Р. Амбелен, со ссылкой на конкретно указанные им фонды государственного архива в Мадриде, утверждает, что назначенный на должность воспитателя дофина Антуан Симон был в действительности роялистским агентом. В донесении другого разведчика из Парижа от 5 марта 1794 г., полученном через посла мадридского двора в Венеции министром иностранных дел Годоем, говорилось: "Уже давно Симон - один из наших людей, и он детально информирует нас о том, что происходит, в чем Ваше Превосходительство могли убедиться из моих донесений в течение ряда месяцев". В этом письме подробно со ссылкой на предшествующие донесения говорится об услугах, которые он оказывал роялистскому подполью до и после своего удаления с поста воспитателя дофина. Можно, конечно, усомниться в правдивости этой информации, которая поступала не только в Мадрид или в Лондон и прямо и косвенно восходит к "Парижскому агентству" и графу д'Антрегу. Однако эти сведения о роли Симона находят как будто подтверждение в вопросе, с помощью которого герцогиня Ангулемская решила разоблачить одного из мнимых дофинов, Матюрена Брюно, во время суда над ним в Руане:
- Что Симон поручил вам передать мне и что вы мне дали в день, когда я обрезала ваши волосы?

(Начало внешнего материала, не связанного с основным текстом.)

(* Let $a_c>b_c>0$, $k_e>0$, $a_e^2=a_c^2+k_e$, $b_e^2=b_c^2+k_e$, let $c$ be the ellipse $x^2/a_c^2+y^2/b_c^2=1$, $e$ the ellipse $x^2/a_e^2+y^2/b_e^2=1$, and let $\alpha(x,y)=\bigl(\frac{a_e}{a_c}x,\frac{b_e}{b_c}y\bigr)$, so $\alpha(c)=e$. Let $\dots P_0P_1P_2\dots$ be a billiard in $e$ with caustic $c$ whose side $[P_i,P_{i+1}]$ touches $c$ at $Q_i$. Then there exists a unique billiard $\dots P_0'P_1'P_2'\dots$ in $e$ with caustic $c$ that is conjugate to it, namely $P_i'=\alpha(Q_i)$ for all $i$, and the relation is symmetric: if $Q_i'$ denotes the point where $[P_i',P_{i+1}']$ touches $c$, then $\alpha(Q_{i-1}')=P_i$ for all $i$. Moreover, for all $i$, $$l_i=\overline{P_iQ_i}=\overline{P_i'Q_{i-1}'}=r_i'\quad\text{and}\quad r_i=\overline{P_iQ_{i-1}}=\overline{P_{i-1}'Q_{i-1}'}=l_{i-1}',$$ where $\overline{XY}$ denotes the Euclidean distance.
   Context: A billiard in $e$ with caustic $c$ is a sequence $(P_i)_{i\in\mathbb Z}$ of points of $e$ with $P_{i+1}\neq P_i$ such that every line $[P_i,P_{i+1}]$ is tangent to $c$ and $[P_{i-1},P_i]\neq[P_i,P_{i+1}]$. A billiard $\dots P_0'P_1'P_2'\dots$ in $e$ with caustic $c$ is called conjugate to $\dots P_0P_1P_2\dots$ if $\alpha$ maps the contact point $Q_i$ of the side $[P_i,P_{i+1}]$ with $c$ to $P_i'$ for every $i$. Notation: $l_i=\overline{P_iQ_i}$, $r_i=\overline{P_iQ_{i-1}}$, and $l_i',r_i'$ are the analogous quantities for the conjugate billiard. *)

From Stdlib Require Import Reals ZArith.
Open Scope R_scope.

Definition point := (R * R)%type.

Definition on_ellipse (a b : R) (P : point) : Prop :=
  (fst P)^2 / a^2 + (snd P)^2 / b^2 = 1.

Definition line (A B : point) (X : point) : Prop :=
  exists t : R, X = (fst A + t * (fst B - fst A), snd A + t * (snd B - snd A)).

Definition same_line (A B C D : point) : Prop :=
  forall X, line A B X <-> line C D X.

(* The line [A,B] is tangent to the ellipse (a,b) at the contact point Q:
   Q lies on the ellipse and the line [A,B] is the tangent line at Q,
   i.e. A and B satisfy the tangent-line equation x Q1/a^2 + y Q2/b^2 = 1. *)
Definition tangent_at (a b : R) (A B Q : point) : Prop :=
  on_ellipse a b Q /\
  fst A * fst Q / a^2 + snd A * snd Q / b^2 = 1 /\
  fst B * fst Q / a^2 + snd B * snd Q / b^2 = 1.

Definition billiard (ae be ac bc : R) (P : Z -> point) : Prop :=
  (forall i, on_ellipse ae be (P i)) /\
  (forall i, P (i + 1)%Z <> P i) /\
  (forall i, exists Q, tangent_at ac bc (P i) (P (i + 1)%Z) Q) /\
  (forall i, ~ same_line (P (i - 1)%Z) (P i) (P i) (P (i + 1)%Z)).

Definition contact_points (ac bc : R) (P Q : Z -> point) : Prop :=
  forall i, tangent_at ac bc (P i) (P (i + 1)%Z) (Q i).

Definition alpha (ae be ac bc : R) (X : point) : point :=
  (ae / ac * fst X, be / bc * snd X).

Definition dist2 (X Y : point) : R :=
  sqrt ((fst X - fst Y)^2 + (snd X - snd Y)^2).

Definition conjugate (ae be ac bc : R) (Q P' : Z -> point) : Prop :=
  billiard ae be ac bc P' /\ forall i, P' i = alpha ae be ac bc (Q i).

(** A line missing the origin is [x u1 + y u2 = 1] for a unique vector [u]; for
    the tangent to [c] at [Q] this vector is [polar Q = (Q1/ac^2, Q2/bc^2)].  The
    pairing [X . polar Y] is unchanged when [(X, Y)] is replaced by
    [(alpha Y, alpha^-1 X)], so [P_i] on the tangent at [Q_i] means [alpha Q_i] on
    the tangent at [alpha^-1 P_i].  Hence the side [alpha Q_i, alpha Q_(i+1)] touches
    [c] at [alpha^-1 P_(i+1)], and the billiard conditions transfer.  Since [c] and
    [e] are confocal, Ivory's lemma [|XY| = |alpha Y, alpha^-1 X|] gives the
    equalities of lengths. *)

From Stdlib Require Import Reals ZArith Lra FunctionalExtensionality.
Open Scope R_scope.

Definition on_lin (u X : point) : Prop := fst X * fst u + snd X * snd u = 1.

Definition polar (a b : R) (Q : point) : point := (fst Q / a ^ 2, snd Q / b ^ 2).

Lemma tangent_atE (a b : R) (A B Q : point) :
  tangent_at a b A B Q <->
  on_ellipse a b Q /\ on_lin (polar a b Q) A /\ on_lin (polar a b Q) B.
Proof.
  unfold tangent_at, on_lin, polar; cbn [fst snd].
  replace (fst A * fst Q / a ^ 2 + snd A * snd Q / b ^ 2)
    with (fst A * (fst Q / a ^ 2) + snd A * (snd Q / b ^ 2)) by (unfold Rdiv; ring).
  replace (fst B * fst Q / a ^ 2 + snd B * snd Q / b ^ 2)
    with (fst B * (fst Q / a ^ 2) + snd B * (snd Q / b ^ 2)) by (unfold Rdiv; ring).
  tauto.
Qed.

Lemma on_lin_cramer (u A B : point) :
  on_lin u A -> on_lin u B ->
  fst u * (fst A * snd B - snd A * fst B) = snd B - snd A /\
  snd u * (fst A * snd B - snd A * fst B) = fst A - fst B.
Proof.
  destruct A as [a1 a2], B as [b1 b2], u as [u1 u2].
  unfold on_lin; cbn [fst snd]; intros hA hB; split.
  - transitivity (b2 * (a1 * u1 + a2 * u2) - a2 * (b1 * u1 + b2 * u2)); [ring|].
    rewrite hA, hB; ring.
  - transitivity (a1 * (b1 * u1 + b2 * u2) - b1 * (a1 * u1 + a2 * u2)); [ring|].
    rewrite hA, hB; ring.
Qed.

Section LinesNotThroughOrigin.

Variables (A B : point) (u : point).
Hypotheses (hA : on_lin u A) (hB : on_lin u B).

Lemma on_lin_line (X : point) : line A B X -> on_lin u X.
Proof.
  destruct A as [a1 a2], B as [b1 b2]; unfold on_lin in *; cbn [fst snd] in *.
  intros [t ->]; cbn [fst snd].
  transitivity ((a1 * fst u + a2 * snd u)
                + t * ((b1 * fst u + b2 * snd u) - (a1 * fst u + a2 * snd u))); [ring|].
  rewrite hA, hB; ring.
Qed.

Lemma line_on_lin (X : point) : A <> B -> on_lin u X -> line A B X.
Proof.
  destruct A as [a1 a2], B as [b1 b2], X as [x1 x2], u as [u1 u2].
  unfold on_lin in *; cbn [fst snd] in *; intros hAB hX.
  assert (Hcoll : (x1 - a1) * (b2 - a2) - (x2 - a2) * (b1 - a1) = 0).
  { (* [u] is a nonzero normal vector to both [B - A] and [X - A] *)
    assert (hBA : u1 * (b1 - a1) + u2 * (b2 - a2) = 0) by lra.
    assert (hXA : u1 * (x1 - a1) + u2 * (x2 - a2) = 0) by lra.
    destruct (Req_dec u1 0) as [hu1|hu1].
    - assert (hu2 : u2 <> 0) by (intro; subst; lra).
      apply (Rmult_eq_reg_l u2); [|exact hu2].
      transitivity ((x1 - a1) * (u1 * (b1 - a1) + u2 * (b2 - a2))
                    - (b1 - a1) * (u1 * (x1 - a1) + u2 * (x2 - a2))); [ring|].
      rewrite hBA, hXA; ring.
    - apply (Rmult_eq_reg_l u1); [|exact hu1].
      transitivity ((b2 - a2) * (u1 * (x1 - a1) + u2 * (x2 - a2))
                    - (x2 - a2) * (u1 * (b1 - a1) + u2 * (b2 - a2))); [ring|].
      rewrite hBA, hXA; ring. }
  destruct (Req_dec (b1 - a1) 0) as [h1|h1].
  - assert (h2 : b2 - a2 <> 0) by (intro h2; apply hAB; f_equal; lra).
    exists ((x2 - a2) / (b2 - a2)); cbn [fst snd].
    assert (x1 = a1) by (apply (Rmult_eq_reg_r (b2 - a2)); nra).
    f_equal; [nra | field; exact h2].
  - exists ((x1 - a1) / (b1 - a1)); cbn [fst snd].
    f_equal; [field; exact h1|].
    apply (Rmult_eq_reg_r (b1 - a1)); [|exact h1].
    field_simplify; [lra | exact h1].
Qed.

Lemma on_lin_coef_unique (v : point) :
  A <> B -> on_lin v A -> on_lin v B -> u = v.
Proof.
  intros hAB hvA hvB.
  destruct (on_lin_cramer u A B hA hB) as [hu1 hu2].
  destruct (on_lin_cramer v A B hvA hvB) as [hv1 hv2].
  set (det := fst A * snd B - snd A * fst B) in *.
  destruct (Req_dec det 0) as [hdet|hdet].
  - (* [A] and [B] are collinear with the origin, which forces [A = B] *)
    exfalso; apply hAB.
    rewrite hdet, Rmult_0_r in hu1, hu2.
    destruct A, B; cbn [fst snd] in *; f_equal; lra.
  - destruct u, v; cbn [fst snd] in *; f_equal;
      apply (Rmult_eq_reg_r det); [lra | exact hdet | lra | exact hdet].
Qed.

End LinesNotThroughOrigin.

Lemma same_line_on_lin (u A B C D : point) :
  A <> B -> C <> D -> on_lin u A -> on_lin u B -> on_lin u C -> on_lin u D ->
  same_line A B C D.
Proof.
  intros hAB hCD hA hB hC hD X; split; intro hX.
  - exact (line_on_lin C D u hC hD X hCD (on_lin_line A B u hA hB X hX)).
  - exact (line_on_lin A B u hA hB X hAB (on_lin_line C D u hC hD X hX)).
Qed.

Lemma polar_inj (a b : R) (Q1 Q2 : point) :
  a <> 0 -> b <> 0 -> polar a b Q1 = polar a b Q2 -> Q1 = Q2.
Proof.
  destruct Q1 as [x1 y1], Q2 as [x2 y2]; unfold polar; cbn [fst snd].
  intros ha hb [= hx hy]; f_equal.
  - apply (Rmult_eq_reg_r (/ a ^ 2)); [exact hx | apply Rinv_neq_0_compat, pow_nonzero, ha].
  - apply (Rmult_eq_reg_r (/ b ^ 2)); [exact hy | apply Rinv_neq_0_compat, pow_nonzero, hb].
Qed.

Lemma tangent_at_unique (a b : R) (A B Q1 Q2 : point) :
  a <> 0 -> b <> 0 -> A <> B ->
  tangent_at a b A B Q1 -> tangent_at a b A B Q2 -> Q1 = Q2.
Proof.
  intros ha hb hAB [_ [hA1 hB1]]%tangent_atE [_ [hA2 hB2]]%tangent_atE.
  exact (polar_inj a b Q1 Q2 ha hb (on_lin_coef_unique A B _ hA1 hB1 _ hAB hA2 hB2)).
Qed.

Section AffineMap.

Variables a b c d : R.
Hypotheses (ha : a <> 0) (hb : b <> 0) (hc : c <> 0) (hd : d <> 0).

Lemma alphaK (X : point) : alpha c d a b (alpha a b c d X) = X.
Proof. destruct X as [x y]; unfold alpha; cbn [fst snd]; f_equal; field; auto. Qed.

Lemma alpha_inj (X Y : point) : alpha a b c d X = alpha a b c d Y -> X = Y.
Proof. intro h; rewrite <- (alphaK X), h; apply alphaK. Qed.

Lemma on_ellipse_alpha (X : point) : on_ellipse c d X -> on_ellipse a b (alpha a b c d X).
Proof.
  destruct X as [x y]; unfold on_ellipse, alpha; cbn [fst snd]; intros <-.
  field; auto.
Qed.

Lemma on_lin_polar_alpha (X Y : point) :
  on_lin (polar c d (alpha c d a b X)) (alpha a b c d Y) <-> on_lin (polar c d Y) X.
Proof.
  destruct X as [x y], Y as [u v]; unfold on_lin, polar, alpha; cbn [fst snd].
  match goal with |- ?l = 1 <-> ?r = 1 => replace l with r by (field; auto) end.
  tauto.
Qed.

Lemma dist2_alpha_swap (X Y : point) :
  a ^ 2 - c ^ 2 = b ^ 2 - d ^ 2 -> on_ellipse a b X -> on_ellipse c d Y ->
  dist2 X Y = dist2 (alpha a b c d Y) (alpha c d a b X).
Proof.
  destruct X as [x y], Y as [u v]; unfold on_ellipse, dist2, alpha; cbn [fst snd].
  intros hk hX hY; f_equal.
  assert (Hdiff : (a / c * u - c / a * x) ^ 2 + (b / d * v - d / b * y) ^ 2
                  - ((x - u) ^ 2 + (y - v) ^ 2)
                = (a ^ 2 - c ^ 2) * (u ^ 2 / c ^ 2 - x ^ 2 / a ^ 2)
                  + (b ^ 2 - d ^ 2) * (v ^ 2 / d ^ 2 - y ^ 2 / b ^ 2)) by (field; auto).
  rewrite <- hk in Hdiff.
  replace ((a ^ 2 - c ^ 2) * (u ^ 2 / c ^ 2 - x ^ 2 / a ^ 2)
           + (a ^ 2 - c ^ 2) * (v ^ 2 / d ^ 2 - y ^ 2 / b ^ 2))
    with ((a ^ 2 - c ^ 2) * ((u ^ 2 / c ^ 2 + v ^ 2 / d ^ 2)
                             - (x ^ 2 / a ^ 2 + y ^ 2 / b ^ 2))) in Hdiff by ring.
  rewrite hX, hY in Hdiff; lra.
Qed.

End AffineMap.

Section ConjugateBilliard.

Variables ac bc ae be : R.
Hypotheses (hac : ac <> 0) (hbc : bc <> 0) (hae : ae <> 0) (hbe : be <> 0).
Variables P Q : Z -> point.
Hypotheses (hP : billiard ae be ac bc P) (hQ : contact_points ac bc P Q).

Let Pconj (i : Z) : point := alpha ae be ac bc (Q i).
Let Qconj (i : Z) : point := alpha ac bc ae be (P (i + 1)).

Lemma tangent_at_conj (i : Z) : tangent_at ac bc (Pconj i) (Pconj (i + 1)) (Qconj i).
Proof.
  destruct hP as [hPe _].
  destruct (proj1 (tangent_atE _ _ _ _ _) (hQ i)) as [_ [_ hi]].
  destruct (proj1 (tangent_atE _ _ _ _ _) (hQ (i + 1)%Z)) as [_ [hi1 _]].
  apply tangent_atE; unfold Pconj, Qconj; split; [|split].
  - exact (on_ellipse_alpha ac bc ae be hac hbc hae hbe _ (hPe _)).
  - exact (proj2 (on_lin_polar_alpha ae be ac bc hae hbe hac hbc _ _) hi).
  - exact (proj2 (on_lin_polar_alpha ae be ac bc hae hbe hac hbc _ _) hi1).
Qed.

Lemma contact_points_neq (i : Z) : Q (i + 1)%Z <> Q i.
Proof.
  destruct hP as [_ [hne [_ hnl]]].
  intro hEq; apply (hnl (i + 1)%Z); rewrite Z.add_simpl_r.
  destruct (proj1 (tangent_atE _ _ _ _ _) (hQ i)) as [_ [hi hi1]].
  destruct (proj1 (tangent_atE _ _ _ _ _) (hQ (i + 1)%Z)) as [_ [_ hi2]].
  rewrite hEq in hi2.
  (* [P i], [P (i + 1)] and [P (i + 2)] would all lie on the tangent at [Q i] *)
  apply (same_line_on_lin _ _ _ _ _ (not_eq_sym (hne i)) (not_eq_sym (hne (i + 1)%Z))
           hi hi1 hi1 hi2).
Qed.

Lemma conj_neq (i : Z) : Pconj (i + 1) <> Pconj i.
Proof.
  intro h; apply (contact_points_neq i), (alpha_inj ae be ac bc hae hbe hac hbc); exact h.
Qed.

Lemma conj_not_same_line (i : Z) :
  ~ same_line (Pconj (i - 1)) (Pconj i) (Pconj i) (Pconj (i + 1)).
Proof.
  destruct hP as [_ [hne _]].
  intro hsl.
  pose proof (tangent_at_conj (i - 1)) as hprev; rewrite Z.sub_add in hprev.
  assert (hnext : tangent_at ac bc (Pconj i) (Pconj (i + 1)) (Qconj (i - 1))).
  { destruct (proj1 (tangent_atE _ _ _ _ _) hprev) as [hR [hA hB]].
    apply tangent_atE; split; [exact hR | split; [exact hB|]].
    apply (on_lin_line _ _ _ hA hB), hsl; exists 1.
    generalize (Pconj i) (Pconj (i + 1)); intros [x y] [x' y']; cbn [fst snd].
    f_equal; ring. }
  assert (hsame : Qconj i = Qconj (i - 1)).
  { exact (tangent_at_unique _ _ _ _ _ _ hac hbc (not_eq_sym (conj_neq i))
             (tangent_at_conj i) hnext). }
  pose proof (alpha_inj ac bc ae be hac hbc hae hbe _ _ hsame) as hPeq.
  rewrite Z.sub_add in hPeq; exact (hne i hPeq).
Qed.

Lemma conjugate_conj : conjugate ae be ac bc Q Pconj.
Proof.
  split; [|reflexivity].
  split; [|split; [exact conj_neq | split; [|exact conj_not_same_line]]].
  - intro i; exact (on_ellipse_alpha ae be ac bc hae hbe hac hbc _ (proj1 (hQ i))).
  - intro i; exists (Qconj i); exact (tangent_at_conj i).
Qed.

Lemma contact_points_conj (Q' : Z -> point) (i : Z) :
  contact_points ac bc Pconj Q' -> Q' i = Qconj i.
Proof.
  intro hQ'.
  exact (tangent_at_unique _ _ _ _ _ _ hac hbc (not_eq_sym (conj_neq i))
           (hQ' i) (tangent_at_conj i)).
Qed.

End ConjugateBilliard.

Theorem lemma3p11 (ac bc ke ae be : R) (P Q : Z -> point) :
  ac > bc -> bc > 0 -> ke > 0 -> ae > 0 -> be > 0 ->
  ae ^ 2 = ac ^ 2 + ke -> be ^ 2 = bc ^ 2 + ke ->
  billiard ae be ac bc P -> contact_points ac bc P Q ->
  (exists! P' : Z -> point, conjugate ae be ac bc Q P') /\
  (forall (P' Q' : Z -> point),
     conjugate ae be ac bc Q P' -> contact_points ac bc P' Q' ->
     forall i : Z,
       alpha ae be ac bc (Q' (i - 1)%Z) = P i /\
       dist2 (P i) (Q i) = dist2 (P' i) (Q' (i - 1)%Z) /\
       dist2 (P i) (Q (i - 1)%Z) = dist2 (P' (i - 1)%Z) (Q' (i - 1)%Z)).
Proof.
  intros hab hb _ hae hbe hea heb hP hQ.
  assert (hac : ac <> 0) by lra; assert (hbc : bc <> 0) by lra.
  assert (hae0 : ae <> 0) by lra; assert (hbe0 : be <> 0) by lra.
  assert (hconf : ae ^ 2 - ac ^ 2 = be ^ 2 - bc ^ 2) by lra.
  assert (hP' : forall P', conjugate ae be ac bc Q P' ->
                  P' = fun i => alpha ae be ac bc (Q i)).
  { intros P' [_ h]; apply functional_extensionality; exact h. }
  split.
  - exists (fun i => alpha ae be ac bc (Q i)); split.
    + exact (conjugate_conj ac bc ae be hac hbc hae0 hbe0 P Q hP hQ).
    + intros P' h; symmetry; exact (hP' P' h).
  - intros P' Q' hconj hQ' i.
    rewrite (hP' P' hconj) in hQ' |- *.
    rewrite (contact_points_conj ac bc ae be hac hbc hae0 hbe0 P Q hP hQ Q' (i - 1) hQ'),
      Z.sub_add.
    destruct hP as [hPe _].
    split; [exact (alphaK ac bc ae be hac hbc hae0 hbe0 (P i))|].
    split; apply (dist2_alpha_swap ae be ac bc); auto; apply (hQ _).
Qed.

Этим вопросом она вроде бы давала понять, что Симон передал через дофина его сестре какое-то секретное сообщение от роялистов. Однако не исключено, что речь идет о вопросе-ловушке для разоблачения обманщика или что этот эпизод является вымыслом от начала до конца.
Жена Антуана Симона - Мария-Жанна после казни мужа была посажена в тюрьму, но менее чем через месяц, 24 августа 1794 г., была выпущена на волю. Возможно, оказавшись на свободе, она что-то неосторожно выболтала. Во всяком случае, весной 1796 г. Марию-Жанну по ее просьбе заключили в приют для неизлечимых больных, где она оставалась вплоть до смерти 10 июня 1819 г. В годы Реставрации она находилась под наблюдением полиции. Полицейские отчеты свидетельствуют, что "вдова Симон" оставалась в здравом уме и твердой памяти. Мария-Жанна неоднократно говорила разным людям, что дофину удалось бежать из Тампля и что вместо него там поместили какого-то смертельно больного ребенка. Это же она подтвердила, исповедуясь перед смертью.